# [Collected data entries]
(* Let $c>1$ be an irrational number, let $q=[c]$ (so $q=c-\{c\}$), and let $d=\{c\}^{-1}$. For a positive integer $n$ let $c'_n=[c^{-1}n]$, and define $$f(n)=[c^{-1}(n+1)]-[c^{-1}n],\qquad g(n)=[\{c\}(n+1)]-[\{c\}n].$$ Let $k$ be a nonnegative integer. For a positive integer $m$ put $x=[mc]$. Then, as $m\to\infty$, \begin{align*} \sum_{n=1}^x \frac{q f(n)+f(n)g([ \frac {n}{c}]+k+1)}{n} =\;& 1+ \log m +\log c+ \gamma +\left\{\{c\}(k+1)\right\} \\ &- \sum_{n=1}^\infty \frac{c\{ c^{-1} (n+1)\}+\{ \{c\}(c'_{n+1}+k+1)\}}{n(n+1)}+O\left(\frac{1}{m}\right), \end{align*} where $\gamma$ is Euler's constant.
   Context: $[x]$ is the greatest integer not exceeding $x$ and $\{x\}=x-[x]$. The function $f$ is the indicator function of the set $\{[cj]: j\ge 1\}$, and $g$ is the indicator function of $\{[dj]: j\ge1\}$. The implied constant in $O(1/m)$ may depend on $c$ and $k$. *)

From Stdlib Require Import Reals Lra Lia ZArith.
From Coquelicot Require Import Coquelicot.
Open Scope R_scope.

(* [x] : the greatest integer not exceeding x (Stdlib's Int_part is floor). *)
Definition fl (x : R) : R := IZR (Int_part x).
Definition fr (x : R) : R := x - fl x.

Definition irrational (c : R) : Prop :=
  ~ exists (p q : Z), q <> 0%Z /\ c = IZR p / IZR q.

Definition euler_gamma : R :=
  real (Lim_seq (fun N => sum_n_m (fun j => / INR j) 1 N - ln (INR N))).

Definition fB (c : R) (n : R) : R := fl (/ c * (n + 1)) - fl (/ c * n).
Definition gB (c : R) (n : R) : R := fl (fr c * (n + 1)) - fl (fr c * n).

Definition lhs (c : R) (k m : nat) : R :=
  sum_n_m (fun n : nat =>
     (fl c * fB c (INR n) + fB c (INR n) * gB c (fl (INR n / c) + INR k + 1))
     / INR n)
    1 (Z.to_nat (Int_part (INR m * c))).

(* the series sum_{n>=1} (c {c^{-1}(n+1)} + {{c}(c'_{n+1}+k+1)}) / (n(n+1)),
   with c'_j = [c^{-1} j]; indexed from n = 1 (term at n = 0 set to 0). *)
Definition series_term (c : R) (k : nat) (n : nat) : R :=
  match n with
  | O => 0
  | S _ => (c * fr (/ c * (INR n + 1)) + fr (fr c * (fl (/ c * (INR n + 1)) + INR k + 1)))
           / (INR n * (INR n + 1))
  end.

Definition rhs_main (c : R) (k m : nat) : R :=
  1 + ln (INR m) + ln c + euler_gamma + fr (fr c * (INR k + 1))
  - Series (series_term c k).

(* Since f(n) is 0 or 1 and c = q + {c}, the summand of the left-hand side
   telescopes: with E(t) = c {c^{-1}(t+1)} + {{c}([c^{-1}(t+1)] + k + 1)},
   n times the n-th summand equals 1 - E(n) + E(n-1).  Summing up to x gives
   exactly 1 + {{c}(k+1)} + H_x - E(x)/x - sum_{1<=n<x} E(n)/(n(n+1)), and the
   theorem follows from 0 <= E <= c + 1, H_x = log x + gamma + O(1/x) and
   log x = log m + log c + O(1/m). *)
From Stdlib Require Import Reals Lra Lia ZArith.
From Coquelicot Require Import Coquelicot.
Open Scope R_scope.

Lemma fl_spec x : fl x <= x < fl x + 1.
Proof. unfold fl. destruct (base_Int_part x). lra. Qed.

Lemma fr_bounds x : 0 <= fr x < 1.
Proof. unfold fr. destruct (fl_spec x). lra. Qed.

Lemma fl_eq0 x : 0 <= x < 1 -> fl x = 0.
Proof.
  intros H. unfold fl. destruct (base_Int_part x) as [H1 H2].
  assert (lt1 : (Int_part x < 1)%Z) by (apply lt_IZR; lra).
  assert (gtm1 : (-1 < Int_part x)%Z) by (apply lt_IZR; lra).
  replace (Int_part x) with 0%Z by lia. reflexivity.
Qed.

Lemma fl_step u v : v <= u < v + 1 -> fl u = fl v \/ fl u = fl v + 1.
Proof.
  intros H. unfold fl. destruct (base_Int_part u), (base_Int_part v).
  assert (lt2 : (Int_part u - Int_part v < 2)%Z) by (apply lt_IZR; rewrite minus_IZR; lra).
  assert (gtm1 : (-1 < Int_part u - Int_part v)%Z) by (apply lt_IZR; rewrite minus_IZR; lra).
  destruct (Z.eq_dec (Int_part u) (Int_part v)) as [e|e].
  - left. now rewrite e.
  - right. replace (Int_part u) with (Int_part v + 1)%Z by lia. apply plus_IZR.
Qed.

Lemma Int_part_to_nat_spec y : 0 <= y ->
  INR (Z.to_nat (Int_part y)) <= y < INR (Z.to_nat (Int_part y)) + 1.
Proof.
  intros Hy. destruct (base_Int_part y) as [H1 H2].
  assert (gtm1 : (-1 < Int_part y)%Z) by (apply lt_IZR; lra).
  rewrite INR_IZR_INZ, Z2Nat.id by lia. lra.
Qed.

Lemma ln_le_sub1 y : 0 < y -> ln y <= y - 1.
Proof.
  intros Hy. rewrite <- (ln_exp (y - 1)). apply ln_le; [lra|].
  generalize (exp_ineq1_le (y - 1)). lra.
Qed.

Lemma ln_sub_bounds x y : 0 < x <= y -> (y - x) / y <= ln y - ln x <= (y - x) / x.
Proof.
  intros Hxy.
  assert (up := ln_le_sub1 (y / x)). assert (down := ln_le_sub1 (x / y)).
  rewrite ln_div in up, down by lra.
  assert (e1 : y / x - 1 = (y - x) / x) by (field; lra).
  assert (e2 : x / y - 1 = - ((y - x) / y)) by (field; lra).
  assert (0 < y / x) by (apply Rdiv_lt_0_compat; lra).
  assert (0 < x / y) by (apply Rdiv_lt_0_compat; lra).
  lra.
Qed.

Lemma Lim_seq_between (u : nat -> R) N lo hi :
  (forall n, (N <= n)%nat -> lo <= u n <= hi) -> lo <= real (Lim_seq u) <= hi.
Proof.
  intros H.
  assert (lo_le : Rbar_le (Lim_seq (fun _ => lo)) (Lim_seq u)).
  { apply Lim_seq_le_loc. exists N. intros n Hn. apply H, Hn. }
  assert (le_hi : Rbar_le (Lim_seq u) (Lim_seq (fun _ => hi))).
  { apply Lim_seq_le_loc. exists N. intros n Hn. apply H, Hn. }
  rewrite Lim_seq_const in lo_le, le_hi.
  destruct (Lim_seq u); simpl in *; try contradiction; lra.
Qed.

Section IncrementBounds.
Variables (u v : nat -> R) (N : nat).
Hypothesis increment_bound :
  forall n, (N <= n)%nat -> 0 <= u (S n) - u n <= v n - v (S n).

Lemma partial_increments_bound j : u N <= u (j + N) <= u N + v N - v (j + N).
Proof.
  induction j as [|j IH]; simpl; [lra|].
  destruct (increment_bound (j + N)); [lia|]. lra.
Qed.

Lemma Lim_seq_increments_bound :
  (forall n, 0 <= v n) -> u N <= real (Lim_seq u) <= u N + v N.
Proof.
  intros v_nonneg. apply (Lim_seq_between _ N). intros n Hn.
  replace n with ((n - N) + N)%nat by lia.
  destruct (partial_increments_bound (n - N)).
  specialize (v_nonneg (n - N + N)%nat). lra.
Qed.

End IncrementBounds.

Lemma Series_tail_bound (a : nat -> R) B N :
  (forall n, 0 <= a (S n) <= B * (/ INR (S n) - / INR (S (S n)))) -> 0 <= B ->
  sum_n a N <= Series a <= sum_n a N + B / INR (S N).
Proof.
  intros Ha HB. apply (Lim_seq_increments_bound (sum_n a) (fun n => B / INR (S n))).
  - intros n _. rewrite sum_Sn.
    replace (B / INR (S n) - B / INR (S (S n)))
      with (B * (/ INR (S n) - / INR (S (S n)))) by (unfold Rdiv; ring).
    destruct (Ha n). change plus with Rplus. lra.
  - intros n. apply Rdiv_le_0_compat; [lra | apply lt_0_INR; lia].
Qed.

Definition harm (N : nat) : R := sum_n_m (fun j => / INR j) 1 N - ln (INR N).

Lemma harm_decrement N : (1 <= N)%nat ->
  0 <= harm N - harm (S N) <= / INR N - / INR (S N).
Proof.
  intros HN. assert (HNr : 1 <= INR N) by (apply (le_INR 1); exact HN).
  assert (e : harm N - harm (S N) = ln (INR (S N)) - ln (INR N) - / INR (S N)).
  { unfold harm. rewrite sum_n_Sm by lia. unfold plus; simpl. ring. }
  rewrite e. rewrite S_INR in *.
  destruct (ln_sub_bounds (INR N) (INR N + 1)) as [lo hi]; [lra|].
  replace (INR N + 1 - INR N) with 1 in lo, hi by ring.
  unfold Rdiv in lo, hi. rewrite Rmult_1_l in lo, hi. lra.
Qed.

Lemma euler_gamma_bounds N : (1 <= N)%nat ->
  harm N - / INR N <= euler_gamma <= harm N.
Proof.
  intros HN.
  assert (e : euler_gamma = - real (Lim_seq (fun n => - harm n))).
  { unfold euler_gamma. fold harm. rewrite Lim_seq_opp.
    destruct (Lim_seq harm); simpl; ring. }
  destruct (Lim_seq_increments_bound (fun n => - harm n) (fun n => / INR n) N)
    as [lo hi].
  - intros n Hn. destruct (harm_decrement n); [lia|]. lra.
  - intros n. destruct n; [simpl; rewrite Rinv_0; lra|].
    left. apply Rinv_0_lt_compat, lt_0_INR. lia.
  - rewrite e. lra.
Qed.

Section Telescoping.
Variables (c : R) (k : nat).
Hypothesis Hc1 : 1 < c.

Definition series_num (t : R) : R :=
  c * fr (/ c * (t + 1)) + fr (fr c * (fl (/ c * (t + 1)) + INR k + 1)).

Definition lhs_term (n : nat) : R :=
  (fl c * fB c (INR n) + fB c (INR n) * gB c (fl (INR n / c) + INR k + 1)) / INR n.

Lemma inv_c_bounds : 0 < / c < 1.
Proof.
  assert (c * / c = 1) by (field; lra).
  assert (0 < / c) by (apply Rinv_0_lt_compat; lra). nra.
Qed.

Lemma series_num_bounds t : 0 <= series_num t <= c + 1.
Proof.
  unfold series_num. destruct (fr_bounds (/ c * (t + 1))).
  destruct (fr_bounds (fr c * (fl (/ c * (t + 1)) + INR k + 1))). nra.
Qed.

Lemma series_num_0 : series_num 0 = 1 + fr (fr c * (INR k + 1)).
Proof.
  unfold series_num. rewrite Rplus_0_l, Rmult_1_r. destruct inv_c_bounds.
  unfold fr at 1. rewrite (fl_eq0 (/ c)), Rplus_0_l by lra. field. lra.
Qed.

Lemma series_term_S n :
  series_term c k (S n) = series_num (INR (S n)) / (INR (S n) * (INR (S n) + 1)).
Proof. reflexivity. Qed.

Lemma lhs_term_telescopes p :
  lhs_term (S p) = (1 - series_num (INR (S p)) + series_num (INR p)) / INR (S p).
Proof.
  unfold lhs_term, series_num, fB, gB.
  assert (0 < INR (S p)) by (apply lt_0_INR; lia).
  replace (INR p + 1) with (INR (S p)) by (rewrite S_INR; ring).
  replace (INR (S p) / c) with (/ c * INR (S p)) by (unfold Rdiv; ring).
  set (n := INR (S p)) in *. destruct inv_c_bounds.
  unfold fr.
  destruct (fl_step (/ c * (n + 1)) (/ c * n)) as [e|e]; [split; nra| |];
    rewrite e.
  - field. lra.
  - replace (fl (/ c * n) + 1 + INR k + 1) with (fl (/ c * n) + INR k + 1 + 1) by ring.
    field. lra.
Qed.

Lemma lhs_partial_sum p :
  sum_n_m lhs_term 1 (S p) =
  1 + fr (fr c * (INR k + 1)) + sum_n_m (fun j => / INR j) 1 (S p)
  - series_num (INR (S p)) / INR (S p) - sum_n (series_term c k) p.
Proof.
  induction p as [|p IH].
  - rewrite !sum_n_n, sum_O, lhs_term_telescopes. simpl (INR 0).
    rewrite series_num_0. simpl (INR 1). simpl (series_term c k 0).
    match goal with |- @eq _ ?a ?b => change (@eq R a b) end. field.
  - rewrite !(sum_n_Sm _ 1 (S p)), sum_Sn, lhs_term_telescopes, series_term_S, IH
      by lia.
    assert (0 < INR (S p)) by (apply lt_0_INR; lia).
    rewrite (S_INR (S p)). set (x := INR (S p)) in *.
    change plus with Rplus.
    match goal with |- @eq _ ?a ?b => change (@eq R a b) end. field. lra.
Qed.

Lemma lhs_partial_sum_error p y : INR (S p) <= y < INR (S p) + 1 ->
  Rabs (sum_n_m lhs_term 1 (S p)
        - (1 + ln y + euler_gamma + fr (fr c * (INR k + 1)) - Series (series_term c k)))
  <= (c + 2) / INR (S p).
Proof.
  intros Hy. rewrite lhs_partial_sum.
  set (x := INR (S p)) in *.
  assert (Hx : 1 <= x) by (apply (le_INR 1); lia).
  destruct (euler_gamma_bounds (S p)) as [g1 g2]; [lia|].
  destruct (Series_tail_bound (series_term c k) (c + 1) p) as [s1 s2].
  { intros n. rewrite series_term_S, (S_INR (S n)).
    assert (0 < INR (S n)) by (apply lt_0_INR; lia).
    destruct (series_num_bounds (INR (S n))).
    replace (series_num (INR (S n)) / (INR (S n) * (INR (S n) + 1)))
      with (series_num (INR (S n)) * (/ INR (S n) - / (INR (S n) + 1))) by (field; lra).
    assert (/ (INR (S n) + 1) <= / INR (S n)) by (apply Rinv_le_contravar; lra).
    split; [apply Rmult_le_pos | apply Rmult_le_compat_r]; lra. }
  { lra. }
  destruct (ln_sub_bounds x y) as [l1 l2]; [lra|].
  destruct (series_num_bounds x).
  unfold harm in g1, g2. fold x in g1, g2, s2.
  assert (0 < / x) by (apply Rinv_0_lt_compat; lra).
  assert ((y - x) / x <= 1 * / x) by (apply Rmult_le_compat_r; lra).
  assert ((y - x) / y >= 0) by (apply Rle_ge, Rdiv_le_0_compat; lra).
  assert (series_num x / x <= (c + 1) / x) by (unfold Rdiv; apply Rmult_le_compat_r; lra).
  assert (0 <= series_num x / x) by (apply Rdiv_le_0_compat; lra).
  unfold Rdiv in *. apply Rabs_le. split; nra.
Qed.

End Telescoping.

Theorem theorem2 (c : R) (k : nat) (Hc1 : 1 < c) (Hirr : irrational c) :
  exists (C : R) (M : nat), 0 < C /\
    forall m : nat, (M <= m)%nat -> (1 <= m)%nat ->
      Rabs (lhs c k m - rhs_main c k m) <= C / INR m.
Proof.
  exists (c + 2), 1%nat. split; [lra|]. intros m _ Hm.
  assert (Hmr : 1 <= INR m) by (apply (le_INR 1); exact Hm).
  change (lhs c k m) with (sum_n_m (lhs_term c k) 1 (Z.to_nat (Int_part (INR m * c)))).
  destruct (Int_part_to_nat_spec (INR m * c)) as [x_le x_gt]; [nra|].
  remember (Z.to_nat (Int_part (INR m * c))) as x eqn:Ex; clear Ex.
  assert (Hmx : (m <= x)%nat).
  { assert (Hlt : INR m < INR (S x)) by (rewrite S_INR; nra).
    apply INR_lt in Hlt. lia. }
  destruct x as [|p]; [lia|].
  unfold rhs_main. rewrite Rplus_assoc with (r2 := ln (INR m)), <- ln_mult by lra.
  eapply Rle_trans; [apply lhs_partial_sum_error; [exact Hc1 | lra]|].
  apply Rmult_le_compat_l; [lra|].
  apply Rinv_le_contravar; [lra | apply le_INR; exact Hmx].
Qed.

# [WORK REQUEST]
Copy the records above exactly, beginning at the line that contains "assert (lt2 : (Int_part" and stopping after the line that contains "intros Hy. destruct".

# [REPLY]
  assert (lt2 : (Int_part u - Int_part v < 2)%Z) by (apply lt_IZR; rewrite minus_IZR; lra).
  assert (gtm1 : (-1 < Int_part u - Int_part v)%Z) by (apply lt_IZR; rewrite minus_IZR; lra).
  destruct (Z.eq_dec (Int_part u) (Int_part v)) as [e|e].
  - left. now rewrite e.
  - right. replace (Int_part u) with (Int_part v + 1)%Z by lia. apply plus_IZR.
Qed.

Lemma Int_part_to_nat_spec y : 0 <= y ->
  INR (Z.to_nat (Int_part y)) <= y < INR (Z.to_nat (Int_part y)) + 1.
Proof.
  intros Hy. destruct (base_Int_part y) as [H1 H2].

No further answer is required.